> **EXERCISE DETAILS**: Repeat precisely the span of lines below that opens with the line containing "(mem_S : forall n x, cls" and closes with the line containing "(* alpha_0 = min", both included.
"""
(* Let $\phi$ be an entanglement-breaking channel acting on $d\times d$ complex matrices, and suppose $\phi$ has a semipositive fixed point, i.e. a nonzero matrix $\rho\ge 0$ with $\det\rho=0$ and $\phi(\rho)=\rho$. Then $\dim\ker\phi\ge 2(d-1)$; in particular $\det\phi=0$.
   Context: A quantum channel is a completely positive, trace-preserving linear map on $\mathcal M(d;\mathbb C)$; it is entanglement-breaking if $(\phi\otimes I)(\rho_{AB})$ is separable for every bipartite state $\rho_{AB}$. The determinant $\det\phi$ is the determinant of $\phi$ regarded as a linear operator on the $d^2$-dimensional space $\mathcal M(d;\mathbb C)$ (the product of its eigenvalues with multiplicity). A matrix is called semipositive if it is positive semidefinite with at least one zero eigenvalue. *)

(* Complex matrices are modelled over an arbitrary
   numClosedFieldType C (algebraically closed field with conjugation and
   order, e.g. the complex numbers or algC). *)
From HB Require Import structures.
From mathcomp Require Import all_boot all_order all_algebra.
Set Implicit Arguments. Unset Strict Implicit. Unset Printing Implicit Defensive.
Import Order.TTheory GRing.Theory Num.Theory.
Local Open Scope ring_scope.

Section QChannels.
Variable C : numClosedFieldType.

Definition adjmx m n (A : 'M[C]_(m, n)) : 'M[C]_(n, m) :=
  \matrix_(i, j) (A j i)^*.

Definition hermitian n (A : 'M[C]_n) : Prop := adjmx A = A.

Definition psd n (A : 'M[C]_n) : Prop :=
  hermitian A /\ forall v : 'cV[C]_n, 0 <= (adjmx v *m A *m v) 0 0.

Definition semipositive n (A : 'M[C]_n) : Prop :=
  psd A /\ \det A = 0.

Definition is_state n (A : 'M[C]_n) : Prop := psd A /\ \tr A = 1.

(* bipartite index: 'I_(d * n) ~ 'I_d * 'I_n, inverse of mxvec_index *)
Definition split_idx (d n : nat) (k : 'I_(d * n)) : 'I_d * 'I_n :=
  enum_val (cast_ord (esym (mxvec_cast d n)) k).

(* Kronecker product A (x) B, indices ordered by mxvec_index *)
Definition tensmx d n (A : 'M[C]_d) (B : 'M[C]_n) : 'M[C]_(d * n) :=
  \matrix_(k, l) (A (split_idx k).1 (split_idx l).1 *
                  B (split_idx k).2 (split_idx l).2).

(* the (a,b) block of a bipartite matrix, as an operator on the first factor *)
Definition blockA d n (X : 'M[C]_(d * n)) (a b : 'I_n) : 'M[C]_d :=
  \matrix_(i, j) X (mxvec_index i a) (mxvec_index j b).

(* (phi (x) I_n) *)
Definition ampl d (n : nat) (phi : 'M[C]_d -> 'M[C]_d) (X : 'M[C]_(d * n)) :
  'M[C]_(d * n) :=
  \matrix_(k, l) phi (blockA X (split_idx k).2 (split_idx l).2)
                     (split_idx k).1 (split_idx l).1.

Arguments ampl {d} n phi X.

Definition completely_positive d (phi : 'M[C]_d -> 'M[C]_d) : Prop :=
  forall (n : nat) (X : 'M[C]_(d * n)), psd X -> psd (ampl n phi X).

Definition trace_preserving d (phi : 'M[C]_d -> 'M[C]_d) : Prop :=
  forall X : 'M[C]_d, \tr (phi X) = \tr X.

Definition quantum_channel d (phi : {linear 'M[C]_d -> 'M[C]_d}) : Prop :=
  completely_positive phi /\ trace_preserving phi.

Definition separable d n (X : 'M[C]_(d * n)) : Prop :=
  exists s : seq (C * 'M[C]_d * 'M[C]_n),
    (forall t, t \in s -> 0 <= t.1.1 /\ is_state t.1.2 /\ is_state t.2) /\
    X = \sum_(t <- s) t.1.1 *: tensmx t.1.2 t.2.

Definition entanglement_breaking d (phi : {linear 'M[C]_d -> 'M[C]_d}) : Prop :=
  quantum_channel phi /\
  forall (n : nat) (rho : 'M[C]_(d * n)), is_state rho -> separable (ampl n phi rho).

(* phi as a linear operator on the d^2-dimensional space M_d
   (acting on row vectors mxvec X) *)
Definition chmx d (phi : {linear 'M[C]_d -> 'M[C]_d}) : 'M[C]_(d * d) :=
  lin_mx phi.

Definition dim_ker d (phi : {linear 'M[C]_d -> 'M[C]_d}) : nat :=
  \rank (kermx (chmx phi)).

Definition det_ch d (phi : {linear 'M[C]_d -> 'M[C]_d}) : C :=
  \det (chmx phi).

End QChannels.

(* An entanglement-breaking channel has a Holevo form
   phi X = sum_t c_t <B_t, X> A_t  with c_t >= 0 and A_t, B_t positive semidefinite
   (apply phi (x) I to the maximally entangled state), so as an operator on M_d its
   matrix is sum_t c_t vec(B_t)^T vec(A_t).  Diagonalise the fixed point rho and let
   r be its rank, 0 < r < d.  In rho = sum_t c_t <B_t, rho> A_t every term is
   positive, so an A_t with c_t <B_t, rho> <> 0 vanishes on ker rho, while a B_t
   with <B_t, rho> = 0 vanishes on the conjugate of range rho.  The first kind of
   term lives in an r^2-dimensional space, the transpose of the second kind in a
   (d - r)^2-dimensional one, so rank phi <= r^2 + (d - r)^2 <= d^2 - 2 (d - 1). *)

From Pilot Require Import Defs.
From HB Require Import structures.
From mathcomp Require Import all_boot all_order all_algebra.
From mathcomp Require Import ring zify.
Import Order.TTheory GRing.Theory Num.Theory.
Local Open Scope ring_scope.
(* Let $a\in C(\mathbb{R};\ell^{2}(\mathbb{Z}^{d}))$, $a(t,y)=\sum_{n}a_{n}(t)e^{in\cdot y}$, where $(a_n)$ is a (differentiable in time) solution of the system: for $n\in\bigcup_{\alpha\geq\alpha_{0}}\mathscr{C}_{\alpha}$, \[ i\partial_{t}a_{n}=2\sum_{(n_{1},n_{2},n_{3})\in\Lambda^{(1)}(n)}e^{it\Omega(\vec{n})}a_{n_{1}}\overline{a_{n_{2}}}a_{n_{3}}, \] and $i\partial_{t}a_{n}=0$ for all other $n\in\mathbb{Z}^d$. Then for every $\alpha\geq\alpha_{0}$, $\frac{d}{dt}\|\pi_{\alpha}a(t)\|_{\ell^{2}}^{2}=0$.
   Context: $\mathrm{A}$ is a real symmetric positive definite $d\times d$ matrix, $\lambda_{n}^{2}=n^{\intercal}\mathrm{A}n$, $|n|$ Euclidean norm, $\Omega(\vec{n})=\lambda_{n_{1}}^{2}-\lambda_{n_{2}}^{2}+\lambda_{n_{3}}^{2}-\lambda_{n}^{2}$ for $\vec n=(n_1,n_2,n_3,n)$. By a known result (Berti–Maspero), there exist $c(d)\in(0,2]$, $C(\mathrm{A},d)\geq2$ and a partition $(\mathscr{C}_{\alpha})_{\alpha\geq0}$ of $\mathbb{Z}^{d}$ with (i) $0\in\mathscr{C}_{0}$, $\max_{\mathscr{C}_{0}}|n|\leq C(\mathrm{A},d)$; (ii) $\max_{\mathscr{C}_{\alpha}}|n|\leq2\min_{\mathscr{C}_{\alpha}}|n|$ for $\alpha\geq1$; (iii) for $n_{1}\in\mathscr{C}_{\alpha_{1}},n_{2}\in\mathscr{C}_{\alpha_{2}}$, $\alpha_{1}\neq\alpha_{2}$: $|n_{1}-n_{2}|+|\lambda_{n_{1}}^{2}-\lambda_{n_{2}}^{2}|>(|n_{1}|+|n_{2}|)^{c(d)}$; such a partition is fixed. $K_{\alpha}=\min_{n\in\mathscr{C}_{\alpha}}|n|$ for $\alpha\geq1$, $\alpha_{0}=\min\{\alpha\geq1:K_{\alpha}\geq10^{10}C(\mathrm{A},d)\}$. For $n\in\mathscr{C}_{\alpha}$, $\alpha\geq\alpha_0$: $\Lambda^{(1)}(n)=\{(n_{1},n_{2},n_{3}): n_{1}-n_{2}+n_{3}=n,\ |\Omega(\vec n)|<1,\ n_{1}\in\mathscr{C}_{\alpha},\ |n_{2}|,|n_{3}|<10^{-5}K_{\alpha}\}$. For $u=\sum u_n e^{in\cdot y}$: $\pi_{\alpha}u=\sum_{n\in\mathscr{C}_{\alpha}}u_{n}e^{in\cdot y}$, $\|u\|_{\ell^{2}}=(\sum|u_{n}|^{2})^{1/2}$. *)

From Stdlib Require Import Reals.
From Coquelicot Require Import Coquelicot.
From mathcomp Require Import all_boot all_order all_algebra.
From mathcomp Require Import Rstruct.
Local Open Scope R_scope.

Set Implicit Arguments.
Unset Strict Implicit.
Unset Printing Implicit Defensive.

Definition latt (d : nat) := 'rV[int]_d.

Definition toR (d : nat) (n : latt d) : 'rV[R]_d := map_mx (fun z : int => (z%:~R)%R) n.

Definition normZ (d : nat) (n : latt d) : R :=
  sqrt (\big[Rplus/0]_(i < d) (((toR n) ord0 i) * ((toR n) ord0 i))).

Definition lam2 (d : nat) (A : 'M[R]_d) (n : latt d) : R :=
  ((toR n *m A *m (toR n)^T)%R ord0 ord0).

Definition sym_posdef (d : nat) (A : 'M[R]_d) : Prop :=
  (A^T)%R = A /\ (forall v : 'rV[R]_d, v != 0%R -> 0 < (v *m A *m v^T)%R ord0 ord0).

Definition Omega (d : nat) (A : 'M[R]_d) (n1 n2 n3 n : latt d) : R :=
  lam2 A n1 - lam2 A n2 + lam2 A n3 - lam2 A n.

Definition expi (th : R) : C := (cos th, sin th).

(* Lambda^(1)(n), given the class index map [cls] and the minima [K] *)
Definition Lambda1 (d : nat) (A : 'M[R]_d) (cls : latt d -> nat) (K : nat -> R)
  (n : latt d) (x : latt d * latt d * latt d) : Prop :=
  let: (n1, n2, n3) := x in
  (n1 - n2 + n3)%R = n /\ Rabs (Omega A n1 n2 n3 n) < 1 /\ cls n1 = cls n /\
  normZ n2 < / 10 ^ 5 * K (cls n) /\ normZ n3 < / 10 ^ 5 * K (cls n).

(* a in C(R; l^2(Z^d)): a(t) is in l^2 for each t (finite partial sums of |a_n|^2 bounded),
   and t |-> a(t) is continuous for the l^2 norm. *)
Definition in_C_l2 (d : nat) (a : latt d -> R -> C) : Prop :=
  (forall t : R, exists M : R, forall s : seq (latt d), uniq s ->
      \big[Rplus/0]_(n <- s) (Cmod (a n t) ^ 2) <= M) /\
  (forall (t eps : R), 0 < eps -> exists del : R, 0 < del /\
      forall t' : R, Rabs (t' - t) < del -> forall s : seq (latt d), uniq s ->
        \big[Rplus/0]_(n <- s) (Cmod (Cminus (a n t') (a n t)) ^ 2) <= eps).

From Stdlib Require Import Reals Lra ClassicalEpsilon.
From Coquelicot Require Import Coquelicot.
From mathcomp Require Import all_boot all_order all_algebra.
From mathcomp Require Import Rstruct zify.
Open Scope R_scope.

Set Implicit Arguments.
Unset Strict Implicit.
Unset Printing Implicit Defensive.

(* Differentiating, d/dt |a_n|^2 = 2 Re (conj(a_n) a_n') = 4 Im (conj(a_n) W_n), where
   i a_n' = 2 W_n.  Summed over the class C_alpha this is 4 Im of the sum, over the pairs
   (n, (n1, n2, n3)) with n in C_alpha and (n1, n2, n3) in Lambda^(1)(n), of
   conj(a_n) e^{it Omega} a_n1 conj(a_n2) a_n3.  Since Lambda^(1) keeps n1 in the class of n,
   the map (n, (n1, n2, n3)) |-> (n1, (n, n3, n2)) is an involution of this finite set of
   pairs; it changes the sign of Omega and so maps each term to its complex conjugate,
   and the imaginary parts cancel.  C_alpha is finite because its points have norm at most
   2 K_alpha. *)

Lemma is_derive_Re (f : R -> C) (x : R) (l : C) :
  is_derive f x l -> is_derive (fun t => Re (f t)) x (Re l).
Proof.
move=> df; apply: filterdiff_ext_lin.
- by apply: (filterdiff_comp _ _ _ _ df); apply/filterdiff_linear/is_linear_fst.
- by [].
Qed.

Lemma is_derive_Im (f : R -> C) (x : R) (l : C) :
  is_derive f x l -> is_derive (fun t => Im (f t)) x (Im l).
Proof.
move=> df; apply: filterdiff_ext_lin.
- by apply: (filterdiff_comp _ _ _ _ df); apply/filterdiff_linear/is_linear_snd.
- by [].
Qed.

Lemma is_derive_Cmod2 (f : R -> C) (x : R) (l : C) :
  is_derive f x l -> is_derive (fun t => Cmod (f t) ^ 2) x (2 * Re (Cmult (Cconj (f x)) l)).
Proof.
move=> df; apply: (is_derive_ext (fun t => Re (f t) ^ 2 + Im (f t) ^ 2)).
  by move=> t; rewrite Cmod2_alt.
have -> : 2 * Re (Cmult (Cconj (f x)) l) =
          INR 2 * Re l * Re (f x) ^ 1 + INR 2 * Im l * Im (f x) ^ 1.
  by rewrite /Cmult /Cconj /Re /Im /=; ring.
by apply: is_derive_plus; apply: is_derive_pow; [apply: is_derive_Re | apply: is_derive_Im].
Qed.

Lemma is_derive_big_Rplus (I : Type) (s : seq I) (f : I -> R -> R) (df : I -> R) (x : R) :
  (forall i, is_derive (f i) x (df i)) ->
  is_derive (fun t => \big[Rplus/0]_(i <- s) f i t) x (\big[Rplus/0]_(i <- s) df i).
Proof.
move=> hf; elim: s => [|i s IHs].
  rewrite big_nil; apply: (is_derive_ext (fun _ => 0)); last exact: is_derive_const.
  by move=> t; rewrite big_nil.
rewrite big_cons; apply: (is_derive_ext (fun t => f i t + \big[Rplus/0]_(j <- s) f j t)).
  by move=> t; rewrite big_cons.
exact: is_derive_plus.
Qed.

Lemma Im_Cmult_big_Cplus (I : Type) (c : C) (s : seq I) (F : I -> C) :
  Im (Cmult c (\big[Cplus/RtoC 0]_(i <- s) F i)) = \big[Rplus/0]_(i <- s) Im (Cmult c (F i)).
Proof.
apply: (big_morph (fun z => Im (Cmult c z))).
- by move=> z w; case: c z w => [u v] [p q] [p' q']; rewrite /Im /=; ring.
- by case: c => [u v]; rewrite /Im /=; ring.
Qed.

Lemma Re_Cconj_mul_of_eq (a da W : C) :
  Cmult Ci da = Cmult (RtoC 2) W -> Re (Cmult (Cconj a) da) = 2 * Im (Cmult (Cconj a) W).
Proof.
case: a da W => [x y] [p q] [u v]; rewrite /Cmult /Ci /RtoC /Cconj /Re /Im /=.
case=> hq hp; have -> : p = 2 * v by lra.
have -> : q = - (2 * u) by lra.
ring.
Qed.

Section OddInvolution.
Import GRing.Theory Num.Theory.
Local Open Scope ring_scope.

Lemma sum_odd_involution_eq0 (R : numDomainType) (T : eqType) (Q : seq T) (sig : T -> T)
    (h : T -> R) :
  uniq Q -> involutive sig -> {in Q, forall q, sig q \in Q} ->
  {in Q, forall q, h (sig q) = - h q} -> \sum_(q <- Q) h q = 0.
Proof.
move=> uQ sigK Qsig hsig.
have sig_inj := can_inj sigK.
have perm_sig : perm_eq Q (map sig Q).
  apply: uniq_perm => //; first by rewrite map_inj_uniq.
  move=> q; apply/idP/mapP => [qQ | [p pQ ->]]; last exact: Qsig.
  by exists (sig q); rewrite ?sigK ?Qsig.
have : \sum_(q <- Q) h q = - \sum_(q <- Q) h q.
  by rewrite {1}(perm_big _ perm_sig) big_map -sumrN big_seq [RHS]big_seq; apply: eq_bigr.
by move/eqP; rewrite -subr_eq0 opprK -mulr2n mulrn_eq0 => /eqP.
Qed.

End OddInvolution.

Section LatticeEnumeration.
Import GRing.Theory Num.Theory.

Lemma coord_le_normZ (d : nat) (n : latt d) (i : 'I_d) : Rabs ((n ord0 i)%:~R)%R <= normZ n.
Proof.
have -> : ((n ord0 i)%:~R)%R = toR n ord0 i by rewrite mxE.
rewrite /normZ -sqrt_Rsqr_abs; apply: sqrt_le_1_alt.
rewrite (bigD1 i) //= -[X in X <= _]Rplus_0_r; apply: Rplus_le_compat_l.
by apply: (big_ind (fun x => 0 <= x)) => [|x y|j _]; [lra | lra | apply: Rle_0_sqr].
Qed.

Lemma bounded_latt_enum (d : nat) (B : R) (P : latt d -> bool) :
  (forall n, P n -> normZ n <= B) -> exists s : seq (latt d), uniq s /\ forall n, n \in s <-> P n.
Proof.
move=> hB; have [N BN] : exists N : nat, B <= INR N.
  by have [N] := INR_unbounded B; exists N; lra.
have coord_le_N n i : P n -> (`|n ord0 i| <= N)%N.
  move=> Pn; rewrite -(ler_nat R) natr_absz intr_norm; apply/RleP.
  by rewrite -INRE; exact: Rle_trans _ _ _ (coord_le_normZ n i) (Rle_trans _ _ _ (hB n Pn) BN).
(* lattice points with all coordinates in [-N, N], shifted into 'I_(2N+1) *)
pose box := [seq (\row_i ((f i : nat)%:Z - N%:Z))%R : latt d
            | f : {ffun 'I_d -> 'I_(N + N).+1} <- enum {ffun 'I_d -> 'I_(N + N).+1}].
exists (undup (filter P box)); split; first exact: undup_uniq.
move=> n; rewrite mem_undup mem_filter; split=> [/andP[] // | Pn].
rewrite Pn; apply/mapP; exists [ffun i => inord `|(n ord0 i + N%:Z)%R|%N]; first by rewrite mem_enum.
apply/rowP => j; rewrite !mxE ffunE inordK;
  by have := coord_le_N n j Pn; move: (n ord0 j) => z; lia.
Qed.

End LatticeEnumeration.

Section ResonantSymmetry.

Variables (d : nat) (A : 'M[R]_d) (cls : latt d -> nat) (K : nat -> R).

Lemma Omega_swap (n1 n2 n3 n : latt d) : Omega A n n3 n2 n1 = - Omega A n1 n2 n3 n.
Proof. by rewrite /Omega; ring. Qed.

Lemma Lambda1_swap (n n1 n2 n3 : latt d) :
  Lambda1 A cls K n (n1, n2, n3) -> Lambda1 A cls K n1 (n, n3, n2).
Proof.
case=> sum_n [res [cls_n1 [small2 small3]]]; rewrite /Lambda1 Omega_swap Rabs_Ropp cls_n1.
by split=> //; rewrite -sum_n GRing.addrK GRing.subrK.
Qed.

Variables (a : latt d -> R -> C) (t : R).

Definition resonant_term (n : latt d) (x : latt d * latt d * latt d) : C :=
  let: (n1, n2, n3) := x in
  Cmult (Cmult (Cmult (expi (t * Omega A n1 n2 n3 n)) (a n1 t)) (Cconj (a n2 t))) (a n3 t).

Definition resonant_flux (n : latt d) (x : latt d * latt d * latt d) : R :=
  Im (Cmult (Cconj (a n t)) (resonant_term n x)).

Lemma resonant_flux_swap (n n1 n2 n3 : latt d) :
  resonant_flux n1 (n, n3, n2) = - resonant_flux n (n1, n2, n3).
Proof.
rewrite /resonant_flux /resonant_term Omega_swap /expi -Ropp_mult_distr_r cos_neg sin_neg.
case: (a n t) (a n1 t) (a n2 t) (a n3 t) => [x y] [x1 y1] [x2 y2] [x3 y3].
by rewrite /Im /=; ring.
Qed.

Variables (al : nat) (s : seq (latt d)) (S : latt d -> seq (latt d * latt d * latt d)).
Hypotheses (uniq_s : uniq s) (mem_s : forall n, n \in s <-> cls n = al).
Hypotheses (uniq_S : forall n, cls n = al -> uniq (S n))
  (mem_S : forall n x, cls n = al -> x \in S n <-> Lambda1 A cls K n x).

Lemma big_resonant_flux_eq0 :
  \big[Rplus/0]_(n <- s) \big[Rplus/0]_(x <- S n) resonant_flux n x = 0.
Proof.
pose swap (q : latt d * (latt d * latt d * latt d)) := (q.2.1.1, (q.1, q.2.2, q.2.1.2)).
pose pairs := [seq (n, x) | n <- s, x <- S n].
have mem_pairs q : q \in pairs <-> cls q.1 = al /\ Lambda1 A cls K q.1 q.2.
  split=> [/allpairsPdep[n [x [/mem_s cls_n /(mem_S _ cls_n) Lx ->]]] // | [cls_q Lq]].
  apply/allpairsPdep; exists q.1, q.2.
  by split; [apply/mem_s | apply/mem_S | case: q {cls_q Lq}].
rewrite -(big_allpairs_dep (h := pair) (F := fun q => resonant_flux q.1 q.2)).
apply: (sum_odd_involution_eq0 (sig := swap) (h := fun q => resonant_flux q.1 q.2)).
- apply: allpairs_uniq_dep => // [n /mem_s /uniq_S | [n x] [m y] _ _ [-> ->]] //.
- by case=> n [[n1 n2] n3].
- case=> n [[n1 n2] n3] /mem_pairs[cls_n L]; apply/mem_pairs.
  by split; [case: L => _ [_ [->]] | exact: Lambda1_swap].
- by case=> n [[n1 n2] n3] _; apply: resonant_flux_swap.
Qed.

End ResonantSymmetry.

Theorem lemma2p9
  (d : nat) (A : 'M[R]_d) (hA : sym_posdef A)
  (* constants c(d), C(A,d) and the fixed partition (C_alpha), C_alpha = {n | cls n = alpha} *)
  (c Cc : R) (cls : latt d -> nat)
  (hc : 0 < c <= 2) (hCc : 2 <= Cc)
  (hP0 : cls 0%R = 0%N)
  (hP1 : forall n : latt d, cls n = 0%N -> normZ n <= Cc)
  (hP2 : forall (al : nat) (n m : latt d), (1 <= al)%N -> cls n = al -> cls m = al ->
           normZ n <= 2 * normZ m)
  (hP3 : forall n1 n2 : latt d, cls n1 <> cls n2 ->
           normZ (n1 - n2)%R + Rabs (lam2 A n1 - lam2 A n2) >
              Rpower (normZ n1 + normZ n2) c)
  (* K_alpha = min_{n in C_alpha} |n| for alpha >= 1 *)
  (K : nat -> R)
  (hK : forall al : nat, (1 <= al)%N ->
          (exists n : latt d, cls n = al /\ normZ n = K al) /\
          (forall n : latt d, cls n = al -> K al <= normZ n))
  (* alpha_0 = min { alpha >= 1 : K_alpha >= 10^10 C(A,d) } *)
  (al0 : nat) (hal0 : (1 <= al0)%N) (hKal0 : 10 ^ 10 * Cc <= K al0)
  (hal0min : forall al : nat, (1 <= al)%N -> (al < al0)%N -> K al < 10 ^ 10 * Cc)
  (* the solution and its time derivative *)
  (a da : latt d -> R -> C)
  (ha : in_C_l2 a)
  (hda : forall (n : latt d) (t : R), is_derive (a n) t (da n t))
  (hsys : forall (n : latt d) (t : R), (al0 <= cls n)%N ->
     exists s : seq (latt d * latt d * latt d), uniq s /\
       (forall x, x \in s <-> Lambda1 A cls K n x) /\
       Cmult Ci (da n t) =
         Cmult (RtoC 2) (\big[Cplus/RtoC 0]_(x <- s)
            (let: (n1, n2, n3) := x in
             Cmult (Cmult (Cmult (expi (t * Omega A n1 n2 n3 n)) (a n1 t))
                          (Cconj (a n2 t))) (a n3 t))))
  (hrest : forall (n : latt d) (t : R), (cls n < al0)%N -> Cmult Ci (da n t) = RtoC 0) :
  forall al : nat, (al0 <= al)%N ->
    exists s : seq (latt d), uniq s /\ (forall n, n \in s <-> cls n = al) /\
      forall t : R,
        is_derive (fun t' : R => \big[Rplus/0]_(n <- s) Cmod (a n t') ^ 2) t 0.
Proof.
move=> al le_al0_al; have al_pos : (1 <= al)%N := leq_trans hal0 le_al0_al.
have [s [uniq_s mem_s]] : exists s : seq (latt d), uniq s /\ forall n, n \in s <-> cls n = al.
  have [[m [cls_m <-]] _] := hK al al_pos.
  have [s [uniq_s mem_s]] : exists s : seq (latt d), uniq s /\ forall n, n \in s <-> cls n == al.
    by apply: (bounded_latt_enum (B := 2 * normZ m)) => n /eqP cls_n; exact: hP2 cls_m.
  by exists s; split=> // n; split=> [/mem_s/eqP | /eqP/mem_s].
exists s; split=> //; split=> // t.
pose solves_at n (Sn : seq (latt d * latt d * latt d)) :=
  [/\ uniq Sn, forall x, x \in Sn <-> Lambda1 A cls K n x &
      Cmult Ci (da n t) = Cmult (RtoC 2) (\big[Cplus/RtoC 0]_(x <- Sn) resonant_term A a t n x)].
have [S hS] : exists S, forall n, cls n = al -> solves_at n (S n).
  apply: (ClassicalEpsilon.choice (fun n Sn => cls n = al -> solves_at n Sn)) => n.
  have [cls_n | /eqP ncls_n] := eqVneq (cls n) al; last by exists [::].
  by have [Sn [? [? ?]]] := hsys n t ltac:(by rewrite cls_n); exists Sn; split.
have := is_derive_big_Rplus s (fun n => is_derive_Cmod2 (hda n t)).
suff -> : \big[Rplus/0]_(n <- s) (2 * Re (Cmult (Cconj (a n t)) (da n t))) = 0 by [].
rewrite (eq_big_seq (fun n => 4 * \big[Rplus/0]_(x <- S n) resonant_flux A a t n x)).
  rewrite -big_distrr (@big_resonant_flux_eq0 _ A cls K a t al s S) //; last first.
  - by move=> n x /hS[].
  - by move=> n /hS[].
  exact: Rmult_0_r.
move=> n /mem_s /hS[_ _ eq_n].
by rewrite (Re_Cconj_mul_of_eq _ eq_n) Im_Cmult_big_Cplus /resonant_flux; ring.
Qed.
"""
> **SOLUTION TO THE EXERCISE**:
  (mem_S : forall n x, cls n = al -> x \in S n <-> Lambda1 A cls K n x).

Lemma big_resonant_flux_eq0 :
  \big[Rplus/0]_(n <- s) \big[Rplus/0]_(x <- S n) resonant_flux n x = 0.
Proof.
pose swap (q : latt d * (latt d * latt d * latt d)) := (q.2.1.1, (q.1, q.2.2, q.2.1.2)).
pose pairs := [seq (n, x) | n <- s, x <- S n].
have mem_pairs q : q \in pairs <-> cls q.1 = al /\ Lambda1 A cls K q.1 q.2.
  split=> [/allpairsPdep[n [x [/mem_s cls_n /(mem_S _ cls_n) Lx ->]]] // | [cls_q Lq]].
  apply/allpairsPdep; exists q.1, q.2.
  by split; [apply/mem_s | apply/mem_S | case: q {cls_q Lq}].
rewrite -(big_allpairs_dep (h := pair) (F := fun q => resonant_flux q.1 q.2)).
apply: (sum_odd_involution_eq0 (sig := swap) (h := fun q => resonant_flux q.1 q.2)).
- apply: allpairs_uniq_dep => // [n /mem_s /uniq_S | [n x] [m y] _ _ [-> ->]] //.
- by case=> n [[n1 n2] n3].
- case=> n [[n1 n2] n3] /mem_pairs[cls_n L]; apply/mem_pairs.
  by split; [case: L => _ [_ [->]] | exact: Lambda1_swap].
- by case=> n [[n1 n2] n3] _; apply: resonant_flux_swap.
Qed.

End ResonantSymmetry.

Theorem lemma2p9
  (d : nat) (A : 'M[R]_d) (hA : sym_posdef A)
  (* constants c(d), C(A,d) and the fixed partition (C_alpha), C_alpha = {n | cls n = alpha} *)
  (c Cc : R) (cls : latt d -> nat)
  (hc : 0 < c <= 2) (hCc : 2 <= Cc)
  (hP0 : cls 0%R = 0%N)
  (hP1 : forall n : latt d, cls n = 0%N -> normZ n <= Cc)
  (hP2 : forall (al : nat) (n m : latt d), (1 <= al)%N -> cls n = al -> cls m = al ->
           normZ n <= 2 * normZ m)
  (hP3 : forall n1 n2 : latt d, cls n1 <> cls n2 ->
           normZ (n1 - n2)%R + Rabs (lam2 A n1 - lam2 A n2) >
              Rpower (normZ n1 + normZ n2) c)
  (* K_alpha = min_{n in C_alpha} |n| for alpha >= 1 *)
  (K : nat -> R)
  (hK : forall al : nat, (1 <= al)%N ->
          (exists n : latt d, cls n = al /\ normZ n = K al) /\
          (forall n : latt d, cls n = al -> K al <= normZ n))
  (* alpha_0 = min { alpha >= 1 : K_alpha >= 10^10 C(A,d) } *)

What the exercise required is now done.